Wednesday, May 28, 2014
There have been more people who have stood on the moon than where you’re going,” says Dave Dillon, safety representative at Deep Mine 41, operated by Alpha Natural Resources ANR -1.9% in the southwestern corner of Virginia. Dillon is a third-generation miner, but he still gets excited showing off the coal face, where a thundering “continuous miner” with hundreds of tungsten-carbide-tipped teeth claws bituminous coal from a 6-foot-thick seam. We step where no human has ever been before: into the midst of compressed and fossilized plant life that last saw the sun 300 million years ago. As conveyor belts haul the chunks of coal to the surface, another team mans the “roof bolter,” which drills 6-foot-deep holes into the ceiling and inserts epoxy-covered rods that hold the rock together, preventing cave-ins. The average worker down here makes $80,000, roof bolters $100,000. These are increasingly important jobs in a region that has seen thousands of layoffs and the closure of dozens of mines. “If the price isn’t right, we’ll leave it in the ground for another day,” says Kevin Crutchfield, CEO of Alpha.

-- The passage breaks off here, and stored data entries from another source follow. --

(* Let $f(x)=\frac1n\sum_{i=1}^n f_i(x)$ on $\mathbb{R}^d$, where each $f_i$ is convex and $L_i$-smooth (i.e. $\nabla f_i$ is $L_i$-Lipschitz) and lower bounded, and let $x^*$ be a minimizer of $f$. Consider SGD with the DecSPS stepsize (defined in the context) with a non-decreasing sequence $(c_k)_{k\ge0}$ satisfying $c_k\ge 1$ for all $k\in\mathbb{N}$. Then for every $K\ge1$, $$\mathbb{E}[f(\bar x^K)-f(x^* )]\le \frac{2c_{K-1}\tilde L D^2}{K}+\frac1K\sum_{k=0}^{K-1}\frac{\hat\sigma_B^2}{c_k},$$ where $D^2:=\max_{k\in[K-1]}\|x^k-x^*\|^2$, $\tilde L:=\max\{\max_i L_i,\ \frac{1}{2c_0\gamma_b}\}$, and $\bar x^K=\frac1K\sum_{k=0}^{K-1}x^k$.
   Context: Minibatches: fix a batch size $B$; at each iteration $k$ a subset $\mathcal{S}_k\subseteq[n]$ with $|\mathcal{S}_k|=B$ is sampled uniformly at random, independently across iterations. For $\mathcal S\subseteq[n]$, $f_{\mathcal S}:=\frac1{|\mathcal S|}\sum_{i\in\mathcal S}f_i$, $f^*_{\mathcal S}:=\inf_x f_{\mathcal S}(x)$, and $\ell^*_{\mathcal S}$ is a given real number with $\ell^*_{\mathcal S}\le f^*_{\mathcal S}$. SGD: $x^{k+1}=x^k-\gamma_k\nabla f_{\mathcal S_k}(x^k)$ from a given $x^0$. DecSPS stepsize: $\gamma_k:=\frac{1}{c_k}\min\left\{\frac{f_{\mathcal S_k}(x^k)-\ell^*_{\mathcal S_k}}{\|\nabla f_{\mathcal S_k}(x^k)\|^2},\ c_{k-1}\gamma_{k-1}\right\}$ for $k\ge0$, with conventions $c_{-1}=c_0$ and $\gamma_{-1}=\gamma_b>0$ (a fixed constant); if $\nabla f_{\mathcal S_k}(x^k)=0$ the iterate is not updated. $\hat\sigma_B^2:=\mathbb{E}_{\mathcal S}[f_{\mathcal S}(x^* )-\ell^*_{\mathcal S}]=f(x^* )-\mathbb{E}_{\mathcal S}[\ell^*_{\mathcal S}]$, where $\mathcal S$ is uniform over subsets of size $B$. $[K-1]$ denotes the iteration indices $\{0,\dots,K-1\}$. *)

From HB Require Import structures.
From mathcomp Require Import all_boot all_order all_algebra.
From mathcomp Require Import all_classical all_reals.
From mathcomp Require Import topology normedtype derive.
Set Implicit Arguments. Unset Strict Implicit. Unset Printing Implicit Defensive.
Import Order.TTheory GRing.Theory Num.Theory.
Import numFieldNormedType.Exports.
Local Open Scope ring_scope.

Section DecSPS.
Variables (R : realType) (d n : nat).
Notation vec := 'rV[R]_d.

Definition dotv (u v : vec) : R := \sum_(j < d) u 0 j * v 0 j.
Definition sqnorm (v : vec) : R := dotv v v.
Definition enorm (v : vec) : R := Num.sqrt (sqnorm v).

Definition is_gradient (f : vec -> R) (g : vec -> vec) : Prop :=
  forall x, differentiable f x /\ forall v, 'd f x v = dotv (g x) v.

Definition convex_fun (f : vec -> R) : Prop :=
  forall (x y : vec) (t : R), 0 <= t <= 1 ->
    f (t *: x + (1 - t) *: y) <= t * f x + (1 - t) * f y.

Definition lipschitz_grad (g : vec -> vec) (L : R) : Prop :=
  forall x y, enorm (g x - g y) <= L * enorm (x - y).

Definition lower_bounded (f : vec -> R) : Prop := exists m, forall x, m <= f x.

Definition favg (fs : 'I_n -> vec -> R) (x : vec) : R :=
  n%:R^-1 * \sum_(i < n) fs i x.

Definition fS (fs : 'I_n -> vec -> R) (S : {set 'I_n}) (x : vec) : R :=
  #|S|%:R^-1 * \sum_(i in S) fs i x.
Definition gS (gs : 'I_n -> vec -> vec) (S : {set 'I_n}) (x : vec) : vec :=
  #|S|%:R^-1 *: \sum_(i in S) gs i x.

(* State = (x^k, gamma_{k-1}).  Convention c_{-1} = c_0
   (c k.-1 with k = 0), gamma_{-1} = gamma_b.  If the minibatch gradient is
   zero the iterate is not updated and the Polyak term is read as +oo,
   i.e. gamma_k = c_{k-1} gamma_{k-1} / c_k. *)
Definition decsps_step (fs : 'I_n -> vec -> R) (gs : 'I_n -> vec -> vec)
  (lstar : {set 'I_n} -> R) (c : nat -> R) (k : nat) (S : {set 'I_n})
  (st : vec * R) : vec * R :=
  let x := st.1 in let gprev := st.2 in
  let gr := gS gs S x in
  if gr == 0 then (x, (c k)^-1 * (c k.-1 * gprev))
  else
    let gam := (c k)^-1 *
       Num.min ((fS fs S x - lstar S) / sqnorm gr) (c k.-1 * gprev) in
    (x - gam *: gr, gam).

Fixpoint decsps_state (fs : 'I_n -> vec -> R) (gs : 'I_n -> vec -> vec)
  (lstar : {set 'I_n} -> R) (c : nat -> R) (gamma_b : R) (x0 : vec)
  (w : nat -> {set 'I_n}) (k : nat) : vec * R :=
  match k with
  | 0 => (x0, gamma_b)
  | k'.+1 => decsps_step fs gs lstar c k' (w k')
               (decsps_state fs gs lstar c gamma_b x0 w k')
  end.

Definition decsps_iter fs gs lstar c gamma_b x0 w k : vec :=
  (decsps_state fs gs lstar c gamma_b x0 w k).1.

Definition batch_ok (B : nat) (S : {set 'I_n}) : bool := #|S| == B.

Definition E_batch (B : nat) (X : {set 'I_n} -> R) : R :=
  (\sum_(S : {set 'I_n} | batch_ok B S) X S) / #|[pred S | batch_ok B S]|%:R.

(* expectation over K i.i.d. uniform minibatches S_0, ..., S_{K-1} of size B *)
Definition batch_seq_ok (B K : nat) (t : K.-tuple {set 'I_n}) : bool :=
  all (batch_ok B) t.
Definition E_seq (B K : nat) (X : K.-tuple {set 'I_n} -> R) : R :=
  (\sum_(t : K.-tuple {set 'I_n} | batch_seq_ok B t) X t)
    / #|[pred t : K.-tuple {set 'I_n} | batch_seq_ok B t]|%:R.

Definition seq_of_tuple (K : nat) (t : K.-tuple {set 'I_n}) : nat -> {set 'I_n} :=
  fun k => nth (finset.set0 : {set 'I_n}) t k.

End DecSPS.

From HB Require Import structures.
From mathcomp Require Import all_boot all_order all_algebra.
From mathcomp Require Import all_classical all_reals.
From mathcomp Require Import topology normedtype derive.
From mathcomp Require Import perm ring lra.
Set Implicit Arguments. Unset Strict Implicit. Unset Printing Implicit Defensive.
Import Order.TTheory GRing.Theory Num.Theory.
Import numFieldNormedType.Exports.
Local Open Scope ring_scope.

(* Along every minibatch path the stepsizes gamma_k are positive and
   nonincreasing, and c_k gamma_k >= 1/(2 Ltil): by the descent lemma the Polyak
   ratio (f_S(x) - l_S) / |grad f_S(x)|^2 is at least 1/(2 Ltil).  Convexity and
   the Polyak cap give gamma_k h_k <= |x_k - x_star|^2 - |x_(k+1) - x_star|^2 for
   the gain h_k = (2 - 1/c_k) (f_S(x_k) - f_S(x_star)) - (f_S(x_star) - l_S) / c_k
   with S = S_k, so telescoping with decreasing weights bounds sum_k h_k by
   D^2 / gamma_(K-1) <= 2 c_(K-1) Ltil D^2.  As x_k only depends on S_0, ...,
   S_(k-1), resampling S_k turns E[h_k] into (2 - 1/c_k) E[f(x_k) - f(x_star)] -
   sigma^2 / c_k, which dominates E[f(x_k) - f(x_star)] - sigma^2 / c_k; Jensen's
   inequality for the average iterate concludes. *)

Section EuclideanRowSpace.
Variables (R : realType) (d : nat).
Implicit Types (u v w : 'rV[R]_d) (a : R).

It would be all too easy to assume that Alpha, and coal, is on its deathbed. But despite fears of global warming coal remains the fastest-growing fossil fuel worldwide, thanks to China’s sprawling economy and fears of nuclear disasters in places like Germany and Japan, which mothballed nuke plants after Fukushima. Coal’s share of the domestic power-generation pie has bounced back to 42%, from a low of 36% in 2012, amid a rebound in natural gas prices over the past two years. Solar and wind energy may grab headlines and taxpayer subsidies, but coal’s share of U.S. electrical generation remains nine times greater than that of those two combined. “Declaring the death of coal is premature,” says Bob Yu, analyst at Bentek Energy, a division of Platts.